_Required work:_
Copy out the first line of the listing and every line after it, exactly, until you have copied the line containing "unfold hyp_coef. rewrite".
[[ Material shown, beginning ]]
Lemma hyp_coef_lower_succ a b k : 0 < b ->
  hyp_coef a b k = hyp_coef a (b + 1) k * (b + INR k) / b.
Proof.
  intros Hb. unfold hyp_coef.
  pose proof (poch_succ_shift b k) as Hs. simpl poch in Hs.
  pose proof (poch_pos (b + 1) k ltac:(lra)). pose proof (poch_pos b k Hb).
  pose proof (INR_fact_pos k). pose proof (pos_INR k).
  assert (E : poch b k = b * poch (b + 1) k / (b + INR k)) by (field_simplify_eq; lra).
  rewrite E. field. repeat split; lra.
Qed.

Definition kummer_conv (a b : R) (n : nat) : R :=
  sum_f_R0 (fun k => hyp_coef a b k * ((-1) ^ (n - k) / INR (fact (n - k)))) n.

Lemma kummer_conv_succ a b n : 0 < b ->
  INR (S n) * kummer_conv a b (S n) = - kummer_conv a b n + a / b * kummer_conv (a + 1) (b + 1) n.
Proof.
  intros Hb. unfold kummer_conv. rewrite scal_sum.
  (* Split [S n = k + (S n - k)]: [k hyp_coef a b k] is [a / b] times the shifted coefficient,
     and [m (-1)^m / m!] is minus the previous exponential coefficient. *)
  rewrite (sum_eq _ (fun k => INR k * hyp_coef a b k * ((-1) ^ (S n - k) / INR (fact (S n - k)))
      + hyp_coef a b k * (INR (S n - k) * ((-1) ^ (S n - k) / INR (fact (S n - k)))))).
  2:{ intros k Hk. rewrite minus_INR by lia. ring. }
  rewrite sum_plus.
  assert (Hlow : sum_f_R0 (fun k => INR k * hyp_coef a b k *
                   ((-1) ^ (S n - k) / INR (fact (S n - k)))) (S n)
      = a / b * sum_f_R0 (fun k => hyp_coef (a + 1) (b + 1) k *
                   ((-1) ^ (n - k) / INR (fact (n - k)))) n).
  { rewrite decomp_sum by lia. simpl pred. simpl (INR 0).
    rewrite !Rmult_0_l, Rplus_0_l, scal_sum.
    apply sum_eq. intros i Hi. replace (S n - S i)%nat with (n - i)%nat by lia.
    unfold hyp_coef. rewrite !poch_succ_shift, fact_simpl, mult_INR, S_INR.
    pose proof (INR_fact_pos i). pose proof (poch_pos (b + 1) i ltac:(lra)).
    pose proof (pos_INR i). pose proof (INR_fact_pos (n - i)). field. repeat split; lra. }
  assert (Hhigh : sum_f_R0 (fun k => hyp_coef a b k *
                   (INR (S n - k) * ((-1) ^ (S n - k) / INR (fact (S n - k))))) (S n)
      = - sum_f_R0 (fun k => hyp_coef a b k * ((-1) ^ (n - k) / INR (fact (n - k)))) n).
  { rewrite tech5. replace (S n - S n)%nat with 0%nat by lia. simpl (INR 0).
    rewrite Rmult_0_l, Rmult_0_r, Rplus_0_r.
    match goal with |- _ = - ?S => replace (- S) with (-1 * S) by ring end.
    rewrite scal_sum.
    apply sum_eq. intros i Hi. replace (S n - i)%nat with (S (n - i)) by lia.
    rewrite fact_simpl, mult_INR, S_INR. simpl pow.
    pose proof (INR_fact_pos (n - i)). pose proof (pos_INR (n - i)).
    field. lra. }
  rewrite Hlow, Hhigh. ring.
Qed.
(* Let $x$ be a real number with $0<x\le 1$. For every integer $k\ge 1$, $$B_{k}(1-x)=(-1)^{k+1}\sum_{n=1}^{k}\left(\frac{1}{n(n+1)}+\frac{x-1}{n^2}\right)\Delta_{n,x}(k),\qquad\text{where}\quad \Delta_{n,x}(k)=\sum_{j=1}^{n}(-1)^{j}\binom{n}{j}\,j\,(j+x-1)^{k-1}.$$
   Context: The Bernoulli polynomials $B_k(x)$ are defined by the generating function $\frac{te^{xt}}{e^{t}-1}=\sum_{k=0}^{\infty}\frac{B_k(x)}{k!}t^k$ for $|t|<2\pi$. Here $0^0$ is interpreted as $1$. *)

From Stdlib Require Import Reals Lra.
From Coquelicot Require Import Coquelicot.
Open Scope R_scope.

Definition bern_gen (x t : R) : R :=
  if Req_EM_T t 0 then 1 else t * exp (x * t) / (exp t - 1).

(* B_k(x) = k! [t^k] (t e^{xt}/(e^t-1)) = k-th derivative at t = 0 of the
   generating function (the Taylor coefficient times k!). *)
Definition bernoulli_poly (k : nat) (x : R) : R :=
  Derive_n (bern_gen x) k 0.

Definition bern_Delta (n : nat) (x : R) (k : nat) : R :=
  sum_n_m (fun j => (-1) ^ j * Binomial.C n j * INR j * (INR j + x - 1) ^ (k - 1)) 1 n.

(* With [u = 1 - exp (- t)], the generating function of [B_k (1 - x)] is
   [exp (- x t) * t / u], and [t = - ln (1 - u) = sum_(n >= 0) u^(n+1) / (n+1)].
   Cutting this series after [u^(k+1)] changes the generating function only at
   orders above [k], so [B_k (1 - x)] is the [k]-th derivative at [0] of
   [exp (- x t) * sum_(n <= k) u^n / (n+1)].  One differentiation turns this into
   [sum_(n < k) c_n exp (- x t) u^n] plus a multiple of [exp (- x t) u^k], which is
   flat to order [k]; the binomial expansion
   [exp (- x t) u^n = sum_j (-1)^j C(n,j) exp (- (x+j) t)] then turns the remaining
   [(k-1)]-st derivatives at [0] into the sums [Delta_(n+1,x)(k)]. *)

From Stdlib Require Import Reals Lra Lia FunctionalExtensionality.
From Coquelicot Require Import Coquelicot.
Open Scope R_scope.

Fixpoint Cn (n : nat) (f : R -> R) : Prop :=
  match n with
  | O => True
  | S m => (forall x, ex_derive f x) /\ Cn m (Derive f)
  end.

Definition smooth (f : R -> R) : Prop := forall n, Cn n f.

Lemma smooth_ex_derive f x : smooth f -> ex_derive f x.
Proof. intros Hf; exact (proj1 (Hf 1%nat) x). Qed.

Lemma smooth_Derive f : smooth f -> smooth (Derive f).
Proof. intros Hf n; exact (proj2 (Hf (S n))). Qed.

Lemma Cn_S_Cn n f : Cn (S n) f -> Cn n f.
Proof.
  revert f; induction n as [|n IH]; intros f Hf; simpl in *; auto.
  destruct Hf as [Hf1 [Hf2 Hf3]]; split; auto.
Qed.

Lemma Cn_plus n : forall f g, Cn n f -> Cn n g -> Cn n (fun x => f x + g x).
Proof.
  induction n as [|n IH]; intros f g Hf Hg; simpl in *; auto.
  destruct Hf as [Hf1 Hf2], Hg as [Hg1 Hg2]; split.
  - intros x; apply (ex_derive_plus f g); auto.
  - replace (Derive (fun x => f x + g x)) with (fun x => Derive f x + Derive g x); auto.
    apply functional_extensionality; intros x; now rewrite Derive_plus.
Qed.

Lemma Cn_mult n : forall f g, Cn n f -> Cn n g -> Cn n (fun x => f x * g x).
Proof.
  induction n as [|n IH]; intros f g Hf Hg; simpl; auto.
  pose proof (Cn_S_Cn _ _ Hf) as Hf'; pose proof (Cn_S_Cn _ _ Hg) as Hg'.
  destruct Hf as [Hf1 Hf2], Hg as [Hg1 Hg2]; split.
  - intros x; apply ex_derive_mult; auto.
  - replace (Derive (fun x => f x * g x))
      with (fun x => Derive f x * g x + f x * Derive g x).
    + apply Cn_plus; apply IH; auto.
    + apply functional_extensionality; intros x; now rewrite Derive_mult.
Qed.

Lemma smooth_const c : smooth (fun _ => c).
Proof.
  intros n; revert c; induction n as [|n IH]; intros c; simpl; auto; split.
  - intros x; apply ex_derive_const.
  - replace (Derive (fun _ => c)) with (fun _ : R => 0); auto.
    apply functional_extensionality; intros x; now rewrite Derive_const.
Qed.

Lemma smooth_plus f g : smooth f -> smooth g -> smooth (fun x => f x + g x).
Proof. intros Hf Hg n; apply Cn_plus; auto. Qed.

Lemma smooth_mult f g : smooth f -> smooth g -> smooth (fun x => f x * g x).
Proof. intros Hf Hg n; apply Cn_mult; auto. Qed.

Lemma smooth_scal c f : smooth f -> smooth (fun x => c * f x).
Proof. intros Hf; apply smooth_mult; [apply smooth_const | exact Hf]. Qed.

Lemma smooth_minus f g : smooth f -> smooth g -> smooth (fun x => f x - g x).
Proof.
  intros Hf Hg.
  replace (fun x => f x - g x) with (fun x => f x + (-1) * g x)
    by (apply functional_extensionality; intros x; ring).
  apply smooth_plus, smooth_scal; auto.
Qed.

Lemma smooth_pow f m : smooth f -> smooth (fun x => f x ^ m).
Proof.
  intros Hf; induction m as [|m IH]; simpl.
  - apply smooth_const.
  - apply smooth_mult; auto.
Qed.

Lemma smooth_sum (F : nat -> R -> R) m :
  (forall i, smooth (F i)) -> smooth (fun x => sum_f_R0 (fun i => F i x) m).
Proof. intros HF; induction m as [|m IH]; simpl; auto; apply smooth_plus; auto. Qed.

Lemma smooth_id : smooth (fun x => x).
Proof.
  intros [|n]; simpl; auto; split.
  - intros x; apply ex_derive_id.
  - replace (Derive (fun x => x)) with (fun _ : R => 1); [apply smooth_const|].
    apply functional_extensionality; intros x; now rewrite Derive_id.
Qed.

Lemma smooth_exp_scal c : smooth (fun x => exp (c * x)).
Proof.
  intros n; revert c; induction n as [|n IH]; intros c; simpl; auto.
  assert (D : forall x, is_derive (fun x => exp (c * x)) x (c * exp (c * x)))
    by (intros x; auto_derive; auto; ring).
  split.
  - intros x; eexists; apply D.
  - replace (Derive (fun x => exp (c * x))) with (fun x => c * exp (c * x)).
    + apply (Cn_mult n (fun _ => c)); [apply smooth_const | apply IH].
    + apply functional_extensionality; intros x; symmetry; apply is_derive_unique, D.
Qed.

Lemma smooth_inv f : smooth f -> (forall x, f x <> 0) -> smooth (fun x => / f x).
Proof.
  intros Hf Hnz n; induction n as [|n IH]; simpl; auto; split.
  - intros x; apply ex_derive_inv; auto; apply smooth_ex_derive; auto.
  - replace (Derive (fun x => / f x))
      with (fun x => (-1) * Derive f x * (/ f x * / f x)).
    + apply Cn_mult; [apply smooth_scal, smooth_Derive; auto | apply Cn_mult; exact IH].
    + apply functional_extensionality; intros x.
      rewrite Derive_inv; auto; [field; auto | apply smooth_ex_derive; auto].
Qed.

Lemma smooth_PSeries a : CV_radius a = p_infty -> smooth (PSeries a).
Proof.
  intros Ha n; revert a Ha; induction n as [|n IH]; intros a Ha; simpl; auto.
  assert (Hin : forall x, Rbar_lt (Rabs x) (CV_radius a)) by (intros x; rewrite Ha; simpl; auto).
  split.
  - intros x; apply ex_derive_PSeries, Hin.
  - replace (Derive (PSeries a)) with (PSeries (PS_derive a)).
    + apply IH; rewrite CV_radius_derive; auto.
    + apply functional_extensionality; intros x; rewrite Derive_PSeries; auto.
Qed.

Lemma Derive_n_S_Derive f n x : Derive_n f (S n) x = Derive_n (Derive f) n x.
Proof. replace (S n) with (n + 1)%nat by lia; now rewrite <- Derive_n_comp. Qed.

Lemma smooth_Derive_n f n : smooth f -> smooth (Derive_n f n).
Proof.
  revert f; induction n as [|n IH]; intros f Hf; [exact Hf|].
  replace (Derive_n f (S n)) with (Derive_n (Derive f) n).
  - apply IH, smooth_Derive; auto.
  - apply functional_extensionality; intros x; now rewrite Derive_n_S_Derive.
Qed.

Lemma Derive_n_plus_smooth n : forall f g x, smooth f -> smooth g ->
  Derive_n (fun t => f t + g t) n x = Derive_n f n x + Derive_n g n x.
Proof.
  induction n as [|n IH]; intros f g x Hf Hg; [reflexivity|].
  rewrite !Derive_n_S_Derive.
  replace (Derive (fun t => f t + g t)) with (fun t => Derive f t + Derive g t).
  - apply IH; apply smooth_Derive; auto.
  - apply functional_extensionality; intros t.
    rewrite Derive_plus; auto; apply smooth_ex_derive; auto.
Qed.

Lemma Derive_n_sum_smooth n (F : nat -> R -> R) m x : (forall i, smooth (F i)) ->
  Derive_n (fun t => sum_f_R0 (fun i => F i t) m) n x
  = sum_f_R0 (fun i => Derive_n (F i) n x) m.
Proof.
  intros HF; induction m as [|m IH]; simpl; [reflexivity|].
  rewrite Derive_n_plus_smooth, IH; auto; apply smooth_sum; auto.
Qed.

Lemma Derive_n_exp_scal n : forall c x,
  Derive_n (fun t => exp (c * t)) n x = c ^ n * exp (c * x).
Proof.
  induction n as [|n IH]; intros c x; [simpl; ring|].
  rewrite Derive_n_S_Derive.
  replace (Derive (fun t => exp (c * t))) with (fun t => c * exp (c * t)).
  - rewrite Derive_n_scal_l, IH; simpl; ring.
  - apply functional_extensionality; intros t; symmetry.
    apply is_derive_unique; auto_derive; auto; ring.
Qed.

Lemma Derive_n_mult_id f n x : smooth f ->
  Derive_n (fun t => t * f t) (S n) x = INR (S n) * Derive_n f n x + x * Derive_n f (S n) x.
Proof.
  intros Hf; revert x; induction n as [|n IH]; intros x.
  - simpl; rewrite Derive_mult, Derive_id; [reflexivity | apply ex_derive_id | apply smooth_ex_derive; auto].
  - change (Derive_n (fun t => t * f t) (S (S n)) x)
      with (Derive (Derive_n (fun t => t * f t) (S n)) x).
    rewrite (Derive_ext _ _ _ IH).
    assert (E0 : forall y, ex_derive (Derive_n f n) y)
      by (intros y; apply smooth_ex_derive, smooth_Derive_n; auto).
    assert (E1 : forall y, ex_derive (Derive_n f (S n)) y)
      by (intros y; apply smooth_ex_derive, smooth_Derive_n; auto).
    rewrite Derive_plus, Derive_scal, Derive_mult, Derive_id; auto.
    + change (Derive (Derive_n f n) x) with (Derive_n f (S n) x).
      change (Derive (Derive_n f (S n)) x) with (Derive_n f (S (S n)) x).
      rewrite !S_INR; ring.
    + apply ex_derive_id.
    + apply ex_derive_scal; auto.
    + apply ex_derive_mult; auto; apply ex_derive_id.
Qed.
Lemma is_derive_Rminus f g x df dg :
  is_derive f x df -> is_derive g x dg -> is_derive (fun t => f t - g t) x (df - dg).
Proof. exact (is_derive_minus f g x df dg). Qed.
Lemma is_derive_Rplus f g x df dg :
  is_derive f x df -> is_derive g x dg -> is_derive (fun t => f t + g t) x (df + dg).
Proof. exact (is_derive_plus f g x df dg). Qed.
Lemma is_derive_Rmult f g x df dg :
  is_derive f x df -> is_derive g x dg -> is_derive (fun t => f t * g t) x (df * g x + f x * dg).
Proof. intros Hf Hg; apply (is_derive_mult f g); auto; intros; apply Rmult_comm. Qed.

Definition flat (N : nat) (f : R -> R) : Prop :=
  forall j, (j < N)%nat -> Derive_n f j 0 = 0.

Lemma flatS N f : flat (S N) f <-> f 0 = 0 /\ flat N (Derive f).
Proof.
  split.
  - intros Hf; split; [apply (Hf 0%nat); lia|].
    intros j Hj; rewrite <- Derive_n_S_Derive; apply Hf; lia.
  - intros [H0 Hf] [|j] Hj; [exact H0|].
    rewrite Derive_n_S_Derive; apply Hf; lia.
Qed.

Lemma flat_S_flat N f : flat (S N) f -> flat N f.
Proof. intros Hf j Hj; apply Hf; lia. Qed.

Lemma flat_plus N f g : smooth f -> smooth g -> flat N f -> flat N g ->
  flat N (fun t => f t + g t).
Proof.
  intros Hf Hg Hf0 Hg0 j Hj.
  rewrite Derive_n_plus_smooth, Hf0, Hg0; auto; ring.
Qed.

Lemma flat_mult_r N : forall f g, smooth f -> smooth g -> flat N f ->
  flat N (fun t => f t * g t).
Proof.
  induction N as [|N IH]; intros f g Hf Hg Hf0; [intros j Hj; lia|].
  apply flatS in Hf0 as [Hf00 Hf1]; apply flatS; split.
  - rewrite Hf00; ring.
  - replace (Derive (fun t => f t * g t))
      with (fun t => Derive f t * g t + f t * Derive g t).
    + assert (Hf' := smooth_Derive f Hf); assert (Hg' := smooth_Derive g Hg).
      apply flat_plus; try apply smooth_mult; auto.
      apply IH; auto; apply flat_S_flat, flatS; auto.
    + apply functional_extensionality; intros t.
      rewrite Derive_mult; auto; apply smooth_ex_derive; auto.
Qed.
[[ Material shown, end ]]
_Response:_
Lemma hyp_coef_lower_succ a b k : 0 < b ->
  hyp_coef a b k = hyp_coef a (b + 1) k * (b + INR k) / b.
Proof.
  intros Hb. unfold hyp_coef.
  pose proof (poch_succ_shift b k) as Hs. simpl poch in Hs.
  pose proof (poch_pos (b + 1) k ltac:(lra)). pose proof (poch_pos b k Hb).
  pose proof (INR_fact_pos k). pose proof (pos_INR k).
  assert (E : poch b k = b * poch (b + 1) k / (b + INR k)) by (field_simplify_eq; lra).
  rewrite E. field. repeat split; lra.
Qed.

Definition kummer_conv (a b : R) (n : nat) : R :=
  sum_f_R0 (fun k => hyp_coef a b k * ((-1) ^ (n - k) / INR (fact (n - k)))) n.

Lemma kummer_conv_succ a b n : 0 < b ->
  INR (S n) * kummer_conv a b (S n) = - kummer_conv a b n + a / b * kummer_conv (a + 1) (b + 1) n.
Proof.
  intros Hb. unfold kummer_conv. rewrite scal_sum.
  (* Split [S n = k + (S n - k)]: [k hyp_coef a b k] is [a / b] times the shifted coefficient,
     and [m (-1)^m / m!] is minus the previous exponential coefficient. *)
  rewrite (sum_eq _ (fun k => INR k * hyp_coef a b k * ((-1) ^ (S n - k) / INR (fact (S n - k)))
      + hyp_coef a b k * (INR (S n - k) * ((-1) ^ (S n - k) / INR (fact (S n - k)))))).
  2:{ intros k Hk. rewrite minus_INR by lia. ring. }
  rewrite sum_plus.
  assert (Hlow : sum_f_R0 (fun k => INR k * hyp_coef a b k *
                   ((-1) ^ (S n - k) / INR (fact (S n - k)))) (S n)
      = a / b * sum_f_R0 (fun k => hyp_coef (a + 1) (b + 1) k *
                   ((-1) ^ (n - k) / INR (fact (n - k)))) n).
  { rewrite decomp_sum by lia. simpl pred. simpl (INR 0).
    rewrite !Rmult_0_l, Rplus_0_l, scal_sum.
    apply sum_eq. intros i Hi. replace (S n - S i)%nat with (n - i)%nat by lia.
    unfold hyp_coef. rewrite !poch_succ_shift, fact_simpl, mult_INR, S_INR.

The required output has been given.